= Hao Pei-chih =

Taiwanese politician and diplomat (born 1968)

Hao Pei-chih (郝培芝; born 6 October 1968) is a Taiwanese political scientist, politician, and diplomat serving as the Taiwanese representative to France since September 2024.

==Education and academic career==
Hao graduated from Taipei Municipal First Girls' Senior High School and National Taiwan University, then earned her master's and doctoral degrees from Pantheon-Sorbonne University. Upon returning to Taiwan, Hao held a professorship at National Taipei University, and from 2007 to 2009 was an adviser to the Mainland Affairs Council.
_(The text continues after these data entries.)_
(* Let $G$ be a finite group and $N$ a normal subgroup of $G$ with $1\neq N\neq G$. If $\mathcal{D}(G)-\mathcal{D}_G(N)=m$, then $\mathcal{D}(G/N)\le m-1$. In particular, $\mathcal{D}(G/N)\le \mathcal{D}(G)-1$.
   Context: All groups are finite. $\mathcal{D}(G)$ denotes the number of conjugacy classes of nontrivial subgroups $H$ of $G$ with $N_G(H)\neq H$. For $N\trianglelefteq G$, $\mathcal{D}_G(N)$ denotes the number of $G$-conjugacy classes of nontrivial subgroups $H$ of $G$ with $N_G(H)\neq H$ that are properly contained in $N$. *)

From mathcomp Require Import all_boot all_fingroup.
Set Implicit Arguments. Unset Strict Implicit. Unset Printing Implicit Defensive.
Local Open Scope group_scope.

Definition nsn_subgroups (gT : finGroupType) (G : {group gT}) (P : pred {set gT})
  : {set {set gT}} :=
  [set H : {set gT} | [&& group_set H, H \subset G, H != 1, 'N_G(H) != H & P H]].

Definition nclasses (gT : finGroupType) (G : {group gT}) (S : {set {set gT}}) : nat :=
  #|[set H :^: G | H in S]|.

Definition calD (gT : finGroupType) (G : {group gT}) : nat :=
  nclasses G (nsn_subgroups G predT).

Definition calDG (gT : finGroupType) (G N : {group gT}) : nat :=
  nclasses G (nsn_subgroups G (fun H => H \proper N)).

From mathcomp Require Import all_boot all_fingroup.
Set Implicit Arguments. Unset Strict Implicit. Unset Printing Implicit Defensive.
Local Open Scope group_scope.

(* The classes counted by D(G) but not by D_G(N) are those of subgroups not
   properly contained in N.  Among them is the class {N}, and taking preimages
   under G -> G/N sends the classes counted by D(G/N) injectively to further
   such classes: a preimage K of a nontrivial subgroup of G/N properly contains
   N, and N_G(K)/N = N_(G/N)(K/N), so K is not self-normalizing when K/N is not. *)

Section Conjugates.
Variable gT : finGroupType.
Implicit Types (G : {group gT}) (A B : {set gT}).

Lemma conjugates_refl G A : A \in A :^: G.
Proof. by apply/imsetP; exists 1; rewrite ?group1 ?conjsg1. Qed.

Lemma mem_conjugatesP G A B :
  B \in A :^: G -> exists2 x, x \in G & B = A :^ x.
Proof. by case/imsetP=> x; exists x. Qed.

Lemma norm_conjugates_set1 G A : G \subset 'N(A) -> A :^: G = [set A].
Proof.
move=> nAG; apply/setP=> B; rewrite inE; apply/idP/eqP=> [|->].
  by case/mem_conjugatesP=> x /(subsetP nAG) /normP nAx ->.
exact: conjugates_refl.
Qed.

End Conjugates.

Section ClassSplitting.
Variables (gT : finGroupType) (G : {group gT}) (P : pred {set gT}).
Hypothesis conj_invP : {in G, forall x H, P (H :^ x) = P H}.

Lemma calD_split :
  calD G = (nclasses G (nsn_subgroups G P)
            + nclasses G (nsn_subgroups G (predC P)))%N.
Proof.
rewrite /calD /nclasses.
have -> : nsn_subgroups G predT =
          nsn_subgroups G P :|: nsn_subgroups G (predC P).
  by apply/setP=> H; rewrite !inE; case: (P H); rewrite ?andbT ?andbF ?orbF.
rewrite imsetU -cardsUI; apply/eqP.
rewrite -[X in X == _]addn0 eqn_add2l eq_sym cards_eq0; apply/eqP/setP=> C.
rewrite !inE; apply/negbTE; apply/andP=> -[/imsetP[H SH ->] /imsetP[K SK eqHK]].
have /mem_conjugatesP[x Gx defK] : K \in H :^: G by rewrite eqHK conjugates_refl.
move: SH SK; rewrite !inE defK conj_invP // => /and5P[_ _ _ _ ->].
by rewrite /= !andbF.
Qed.

End ClassSplitting.

Section QuotientPreimages.
Variables (gT : finGroupType) (G N : {group gT}).
Hypothesis nsNG : N <| G.

Let nNG : G \subset 'N(N) := normal_norm nsNG.

Lemma morphpre_coset_conjugates (Kb : {set coset_of N}) :
  [set coset N @*^-1 X | X in Kb :^: (G / N)] = coset N @*^-1 Kb :^: G.
Proof.
rewrite /conjugates /quotient morphimEsub // -!imset_comp.
by apply: eq_in_imset => x Gx /=; rewrite morphpreJ ?(subsetP nNG).
Qed.

Lemma morphpre_coset_nsn (Kb : {set coset_of N}) :
    Kb \in nsn_subgroups (G / N) predT ->
  coset N @*^-1 Kb \in nsn_subgroups G (predC (fun H : {set gT} => H \proper N))
  /\ coset N @*^-1 Kb != N.
Proof.
rewrite inE andbT => /and4P[gKb]; rewrite -[Kb]/(gval (Group gKb)).
move: (Group gKb) => {gKb}Kb sKbG ntKb nKb; set K := coset N @*^-1 Kb.
have sNK : N \subset K := sub_cosetpre _.
have neKN : K != N.
  by apply: contraNneq ntKb => eqKN; rewrite -(cosetpreK Kb) -/K eqKN trivg_quotient.
have sKG : K \subset G by rewrite -(quotientGK nsNG) cosetpreSK.
have nprKN : ~~ (K \proper N) by rewrite properE sNK andbF.
split=> //; rewrite inE groupP sKG /= nprKN andbT; apply/andP; split.
  by apply: contraNneq neKN => K1; rewrite eqEsubset sNK K1 sub1G.
apply: contra nKb => /eqP nKK.
by rewrite -{2}(cosetpreK Kb) -/K -nKK quotient_subnormG ?normal_cosetpre // cosetpreK.
Qed.

Lemma calD_quotient_lt :
    N :!=: 1 -> N :!=: G ->
  calD (G / N) < nclasses G (nsn_subgroups G (predC (fun H : {set gT} => H \proper N))).
Proof.
move=> ntN neNG; rewrite /calD /nclasses.
set T := nsn_subgroups G _; set C := [set H :^: G | H in T].
pose pre (X : {set {set coset_of N}}) := [set coset N @*^-1 Kb | Kb in X].
have preK : cancel pre (fun Y => [set coset N @* K | K in Y]).
  move=> X; rewrite -imset_comp -[RHS]imset_id; apply: eq_imset => Kb /=.
  by rewrite morphpreK ?sub_im_coset.
have NC : (N : {set gT}) :^: G \in C.
  apply: imset_f; rewrite inE groupP normal_sub //= ntN proper_irrefl andbT.
  by rewrite (setIidPl nNG) eq_sym.
have preC : pre @: [set Kb :^: (G / N) | Kb in nsn_subgroups (G / N) predT]
            \subset C :\ (N :^: G).
  apply/subsetP=> _ /imsetP[_ /imsetP[Kb nsnKb ->] ->].
  have [TK neKN] := morphpre_coset_nsn nsnKb.
  rewrite /pre morphpre_coset_conjugates !inE (imset_f _ TK) andbT.
  apply: contra neKN => /eqP eqKN.
  by rewrite -in_set1 -(norm_conjugates_set1 nNG) -eqKN conjugates_refl.
rewrite -(card_imset _ (can_inj preK)); apply: proper_card.
exact: sub_proper_trans preC (properD1 NC).
Qed.

End QuotientPreimages.

Theorem mainTheorem2 (gT : finGroupType) (G N : {group gT}) (m : nat) :
  N <| G -> N :!=: 1 -> N :!=: G ->
  calD G = (calDG G N + m)%N ->
  (calD (G / N)%G + 1 <= m)%N /\ (calD (G / N)%G + 1 <= calD G)%N.
Proof.
move=> nsNG ntN neNG.
have properN_conj : {in G, forall x (H : {set gT}), (H :^ x \proper N) = (H \proper N)}.
  move=> x Gx H; have /normP {1}<- := subsetP (normal_norm nsNG) x Gx.
  by rewrite properJ.
have := calD_quotient_lt nsNG ntN neNG.
rewrite (calD_split properN_conj) addn1 => ltDq /eqP.
rewrite eqn_add2l => /eqP <-; split=> //.
exact: leq_trans ltDq (leq_addl _ _).
Qed.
In an academic capacity, Hao has discussed efforts to contain China made by the United States, China's changing views of Taiwan's political status, the effects of colonialism, and the administrative oversight functions of the Legislative Yuan. The Taipei Times has published Hao's views on China's Anti-Secession Law of 2005, and on Taiwan–European Union relations.

==Public service career==
Hao was appointed vice chair of the Civil Service Protection and Training Commission in 2016. By 2020, she had been elevated to head the commission. As commission leader, Hao added English-language proficiency training for Taiwanese public servants. She concurrently led the Examination Yuan's National Academy of Civil Service. In September 2024, Hao succeeded Wu Chih-chung as Taiwanese Representative to France, and became the first woman to serve in that role. The following month, Hao commented on Tsai Ing-wen's visit to the French Senate, the first such visit by a former Taiwanese president since 1996.

==Personal life==
Hao is married to Hsu Yu-wei.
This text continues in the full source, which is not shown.